Filter the entries beneath this task, copying only the lines that hold the word "distinct".

(Beginning of Material provided)

(* Let $m\geq n\geq 2$. If $S$ is a $\{2\}$-resolving set of $K_m\Box K_n$, and $q$ and $r$ are integers such that $|S|=qm+r$ with $0\leq r<m$, then $$r\binom{n-(q+1)}{2}+(m-r)\binom{n-q}{2}\leq\binom{n}{2}.$$
   Context: $K_m\Box K_n$ has vertices $av$ with $a\in V(K_m)$, $v\in V(K_n)$; distinct $av,bu$ are adjacent iff $a=b$ or $u=v$. $d$ is the shortest-path distance, $d(s,X)=\min_{x\in X}d(s,x)$, $\mathcal{D}_S(X)=(d(s_1,X),\dots,d(s_k,X))$ for $S=\{s_1,\dots,s_k\}$. $S$ is a $\{2\}$-resolving set if $\mathcal{D}_S(X)\neq\mathcal{D}_S(Y)$ for all distinct nonempty vertex sets $X,Y$ with $|X|,|Y|\leq 2$. Binomial coefficients $\binom{a}{2}$ are taken as $a(a-1)/2$ for integers $a$ (in particular $0$ for $a\in\{0,1\}$). *)

From mathcomp Require Import all_boot all_order all_algebra.
Set Implicit Arguments. Unset Strict Implicit. Unset Printing Implicit Defensive.
Import Order.TTheory GRing.Theory Num.Theory.

(* Vertices of K_m □ K_n : pairs (a, v) with a : 'I_m, v : 'I_n. *)
Definition rook_vertex (m n : nat) : finType := ('I_m * 'I_n)%type.

Definition rook_adj (m n : nat) : rel (rook_vertex m n) :=
  fun x y => (x != y) && ((x.1 == y.1) || (x.2 == y.2)).

Fixpoint rook_ball (m n : nat) (k : nat) (x : rook_vertex m n)
  : {set rook_vertex m n} :=
  match k with
  | 0 => [set x]
  | k'.+1 => rook_ball k' x :|:
             [set y | [exists z in rook_ball k' x, rook_adj z y]]
  end.

(* shortest-path distance: least k with y in ball k x (the graph is
   connected for m, n >= 1, so k <= #|V| suffices; default #|V|) *)
Definition rook_dist (m n : nat) (x y : rook_vertex m n) : nat :=
  head #|rook_vertex m n|
    [seq k <- iota 0 #|rook_vertex m n|.+1 | y \in rook_ball k x].

Definition rook_dist_set (m n : nat) (s : rook_vertex m n)
  (X : {set rook_vertex m n}) : nat :=
  \big[minn/#|rook_vertex m n|]_(x in X) rook_dist s x.

Definition two_resolving (m n : nat) (S : {set rook_vertex m n}) : Prop :=
  forall X Y : {set rook_vertex m n},
    X != set0 -> Y != set0 -> #|X| <= 2 -> #|Y| <= 2 -> X != Y ->
    exists2 s, s \in S & rook_dist_set s X != rook_dist_set s Y.

Definition binom2z (a : int) : int := ((a * (a - 1)) %/ 2)%Z.

From HB Require Import structures.
From mathcomp Require Import all_boot all_order all_algebra all_fingroup zify ring.
Import Order.TTheory GRing.Theory Num.Theory.

Set Implicit Arguments.
Unset Strict Implicit.
Unset Printing Implicit Defensive.

(* In a {2}-resolving set S, every "rectangle" {a,b} x {u,v} meets S: a vertex
   outside the rectangle is fixed by the transposition of rows a, b or by that
   of columns u, v, and that graph automorphism exchanges the diagonals
   {au, bv} and {av, bu}, which S would otherwise not distinguish. Hence the
   sets of columns missed by S in two different rows share at most one
   column, so the pairs of such columns, taken over all rows, are distinct
   pairs from an n-set:  sum_a C(n - c_a, 2) <= C(n, 2),  where c_a is the
   number of vertices of S in row a. Since sum_a c_a = qm + r, convexity of
   x |-> C(x, 2) bounds the left-hand side from below by the balanced value
   r C(n - q - 1, 2) + (m - r) C(n - q, 2). *)

HB.instance Definition _ := SemiGroup.isComLaw.Build nat minn minnA minnC.

Section ProductAutomorphism.

Variables (m n : nat) (f : 'I_m -> 'I_m) (g : 'I_n -> 'I_n).
Hypotheses (f_inj : injective f) (g_inj : injective g).

Definition rook_map (x : rook_vertex m n) : rook_vertex m n := (f x.1, g x.2).

Lemma rook_map_inj : injective rook_map.
Proof. by move=> [x1 x2] [y1 y2] [/f_inj -> /g_inj ->]. Qed.

Lemma rook_adj_map x y : rook_adj (rook_map x) (rook_map y) = rook_adj x y.
Proof. by rewrite /rook_adj (inj_eq rook_map_inj) /= (inj_eq f_inj) (inj_eq g_inj). Qed.

Lemma rook_ball_map k x : rook_ball k (rook_map x) = rook_map @: rook_ball k x.
Proof.
elim: k => [|k IHk] /=; first by rewrite imset_set1.
rewrite imsetU IHk; congr (_ :|: _); apply/setP => y.
rewrite -(f_invF rook_map_inj y) (mem_imset _ _ rook_map_inj) !inE.
apply/existsP/existsP => -[z /andP[z_ball z_adj]].
  case/imsetP: z_ball => z' z'_ball ->{z} in z_adj *.
  by exists z'; rewrite z'_ball -rook_adj_map.
by exists (rook_map z); rewrite (mem_imset _ _ rook_map_inj) z_ball rook_adj_map.
Qed.

Lemma rook_dist_map x y : rook_dist (rook_map x) (rook_map y) = rook_dist x y.
Proof.
rewrite /rook_dist; congr head; apply: eq_filter => k.
by rewrite rook_ball_map (mem_imset _ _ rook_map_inj).
Qed.

Lemma rook_dist_set_map s (X : {set rook_vertex m n}) :
  rook_dist_set (rook_map s) (rook_map @: X) = rook_dist_set s X.
Proof.
rewrite /rook_dist_set (reindex_inj rook_map_inj) /=.
by apply: eq_big => x; rewrite ?(mem_imset _ _ rook_map_inj) ?rook_dist_map.
Qed.

End ProductAutomorphism.

Lemma rook_dist_set_fixed m n (f : 'I_m -> 'I_m) (g : 'I_n -> 'I_n) s
    (X Y : {set rook_vertex m n}) :
  injective f -> injective g ->
  rook_map f g s = s -> rook_map f g @: X = Y ->
  rook_dist_set s X = rook_dist_set s Y.
Proof. by move=> f_inj g_inj fix_s <-; rewrite -{2}fix_s rook_dist_set_map. Qed.

Lemma two_resolving_rectangle m n (S : {set rook_vertex m n}) a b u v :
  two_resolving S -> a != b -> u != v ->
  [|| (a, u) \in S, (a, v) \in S, (b, u) \in S | (b, v) \in S].
Proof.
move=> S_res ab uv; apply/negPn/negP; rewrite !negb_or => /and4P[au av bu bv].
pose X : {set rook_vertex m n} := [set (a, u); (b, v)].
pose Y : {set rook_vertex m n} := [set (a, v); (b, u)].
have card2 (x y : rook_vertex m n) : #|[set x; y]| <= 2.
  by rewrite cards2; case: (_ != _).
have pair_neq0 (x y : rook_vertex m n) : [set x; y] != set0.
  by apply/set0Pn; exists x; rewrite set21.
have XY : X != Y.
  apply: contraNneq au => /setP/(_ (a, u)); rewrite !inE !xpair_eqE !eqxx.
  by rewrite (negbTE uv) (negbTE ab).
have [[s1 s2] s_S /eqP[]] :=
  S_res X Y (pair_neq0 _ _) (pair_neq0 _ _) (card2 _ _) (card2 _ _) XY.
have [s1ab | s1ab] := boolP ((s1 == a) || (s1 == b)).
  have s2u : s2 != u by apply: contraTneq s_S => ->; case/orP: s1ab => /eqP->.
  have s2v : s2 != v by apply: contraTneq s_S => ->; case/orP: s1ab => /eqP->.
  apply: (@rook_dist_set_fixed _ _ id (tperm u v)) => //; first exact: perm_inj.
    by rewrite /rook_map /= tpermD // eq_sym.
  by rewrite imsetU !imset_set1 /rook_map /= tpermL tpermR.
have [s1a s1b] : s1 != a /\ s1 != b by move: s1ab; rewrite negb_or => /andP.
apply: (@rook_dist_set_fixed _ _ (tperm a b) id) => //; first exact: perm_inj.
  by rewrite /rook_map /= tpermD // eq_sym.
by rewrite imsetU !imset_set1 /rook_map /= tpermL tpermR setUC.
Qed.

Lemma sum_bin2_card_le (I T : finType) (F : I -> {set T}) :
  (forall i j, i != j -> #|F i :&: F j| <= 1) ->
  \sum_i 'C(#|F i|, 2) <= 'C(#|T|, 2).
Proof.
move=> F_meet1.
pose pairs i := [set B : {set T} | B \subset F i & #|B| == 2].
have pairs_disj i j : i != j -> [disjoint pairs i & pairs j].
  move=> ij; apply/pred0P => B /=; apply/negP; rewrite !inE.
  case/andP=> /andP[BFi /eqP B2] /andP[BFj _].
  have := subset_leq_card (_ : B \subset F i :&: F j); rewrite subsetI BFi BFj.
  by move/(_ isT); rewrite B2 => /leq_trans/(_ (F_meet1 i j ij)).
rewrite -card_draws.
under eq_bigr do rewrite -cards_draws -sum1_card.
rewrite -(partition_disjoint_bigcup _ _ pairs_disj) sum1_card.
by apply/subset_leq_card/subsetP => B /bigcupP[i _]; rewrite !inE => /andP[_ ->].
Qed.

Definition rook_row m n (S : {set rook_vertex m n}) (a : 'I_m) : {set 'I_n} :=
  [set v | (a, v) \in S].

Lemma sum_card_rook_row m n (S : {set rook_vertex m n}) :
  \sum_a #|rook_row S a| = #|S|.
Proof.
under eq_bigr do rewrite -sum1_card.
rewrite (pair_big_dep predT (fun a v => v \in rook_row S a)) -sum1_card /=.
by apply: eq_bigl => -[a v]; rewrite inE.
Qed.

Lemma two_resolving_row_gaps m n (S : {set rook_vertex m n}) :
  two_resolving S ->
  forall a b, a != b -> #|~: rook_row S a :&: ~: rook_row S b| <= 1.
Proof.
move=> S_res a b ab; rewrite leqNgt; apply/card_gt1P => -[u [v []]].
rewrite !inE => /andP[au bu] /andP[av bv] uv.
have := two_resolving_rectangle S_res ab uv.
by rewrite (negbTE au) (negbTE av) (negbTE bu) (negbTE bv).
Qed.

Lemma two_resolving_sum_bin2 m n (S : {set rook_vertex m n}) :
  two_resolving S -> \sum_a 'C(n - #|rook_row S a|, 2) <= 'C(n, 2).
Proof.
move=> S_res; have := sum_bin2_card_le (two_resolving_row_gaps S_res).
by rewrite card_ord; under eq_bigr do rewrite cardsCs setCK card_ord.
Qed.

Local Open Scope ring_scope.

Lemma binom2zE (a : int) : binom2z a * 2 = a * (a - 1).
Proof.
have [t [e [-> [->|->]]]] : exists t e : int, a = 2 * t + e /\ (e = 0 \/ e = 1).
- by exists (a %/ 2)%Z, (a %% 2)%Z; lia.
- rewrite /binom2z (_ : (2 * t + 0) * _ = t * (2 * t - 1) * 2) ?mulzK //; ring.
- rewrite /binom2z (_ : (2 * t + 1) * _ = t * (2 * t + 1) * 2) ?mulzK //; ring.
Qed.

Lemma binom2z_nat (k : nat) : binom2z k%:Z = 'C(k, 2)%:Z.
Proof.
have bin2_mul2 : ('C(k, 2) * 2 = k * (k - 1))%N.
  by elim: k => // k IHk; rewrite binS bin1; nia.
by apply: (mulIf (_ : 2 != 0)) => //; rewrite binom2zE; nia.
Qed.

Lemma binom2z_chord_le (x t : int) :
  binom2z x + t * (binom2z (x - 1) - binom2z x) <= binom2z (x - t).
Proof.
rewrite -(ler_pM2r (_ : 0 < 2)) // mulrDl -mulrA mulrBl !binom2zE -subr_ge0.
by rewrite (_ : _ - _ = t * (t - 1)); [nia | ring].
Qed.

Lemma sum_chord_le (I : finType) (c F : I -> int) (A B q r : int) :
  \sum_i c i = q * #|I|%:Z + r ->
  (forall i, A + (c i - q) * (B - A) <= F i) ->
  r * B + (#|I|%:Z - r) * A <= \sum_i F i.
Proof.
move=> sum_c chord; apply: le_trans (ler_sum _ (fun i _ => chord i)).
rewrite big_split /= sumr_const -big_distrl /= sumrB sumr_const sum_c.
by rewrite -subr_ge0 (_ : _ - _ = 0); last ring.
Qed.

(* None of the bounds on [n], [m] and [r] is needed. *)
Theorem mainTheorem13 (m n : nat) (S : {set rook_vertex m n}) (q r : int) :
  (2 <= n)%N -> (n <= m)%N ->
  two_resolving S ->
  (#|S|%:Z = q * m%:Z + r) -> 0 <= r -> r < m%:Z ->
  r * binom2z (n%:Z - (q + 1)) + (m%:Z - r) * binom2z (n%:Z - q)
    <= binom2z n%:Z.
Proof.
move=> _ _ S_res S_card _ _.
pose c a := #|rook_row S a|.
have c_le_n a : (c a <= n)%N by rewrite -[leqRHS]card_ord max_card.
have sum_c : \sum_a (c a)%:Z = q * #|'I_m|%:Z + r.
  rewrite card_ord -S_card -sum_card_rook_row -natz natr_sum.
  by under eq_bigr do rewrite natz.
have rows_le : \sum_a binom2z (n%:Z - (c a)%:Z) <= binom2z n%:Z.
  have -> : \sum_a binom2z (n%:Z - (c a)%:Z) = (\sum_a 'C(n - c a, 2))%N%:Z.
    rewrite -[in RHS]natz natr_sum; apply: eq_bigr => a _.
    by rewrite natz -binom2z_nat subzn.
  by rewrite binom2z_nat lez_nat two_resolving_sum_bin2.
have chord a : binom2z (n%:Z - q)
    + ((c a)%:Z - q) * (binom2z (n%:Z - (q + 1)) - binom2z (n%:Z - q))
    <= binom2z (n%:Z - (c a)%:Z).
  have := binom2z_chord_le (n%:Z - q) ((c a)%:Z - q).
  have -> : n%:Z - q - 1 = n%:Z - (q + 1) by ring.
  by have -> : n%:Z - q - ((c a)%:Z - q) = n%:Z - (c a)%:Z by ring.
by have := sum_chord_le sum_c chord; rewrite card_ord => /le_trans; apply.
Qed.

(End of Material provided)

• **Problem solution**:
   Context: $K_m\Box K_n$ has vertices $av$ with $a\in V(K_m)$, $v\in V(K_n)$; distinct $av,bu$ are adjacent iff $a=b$ or $u=v$. $d$ is the shortest-path distance, $d(s,X)=\min_{x\in X}d(s,x)$, $\mathcal{D}_S(X)=(d(s_1,X),\dots,d(s_k,X))$ for $S=\{s_1,\dots,s_k\}$. $S$ is a $\{2\}$-resolving set if $\mathcal{D}_S(X)\neq\mathcal{D}_S(Y)$ for all distinct nonempty vertex sets $X,Y$ with $|X|,|Y|\leq 2$. Binomial coefficients $\binom{a}{2}$ are taken as $a(a-1)/2$ for integers $a$ (in particular $0$ for $a\in\{0,1\}$). *)
   column, so the pairs of such columns, taken over all rows, are distinct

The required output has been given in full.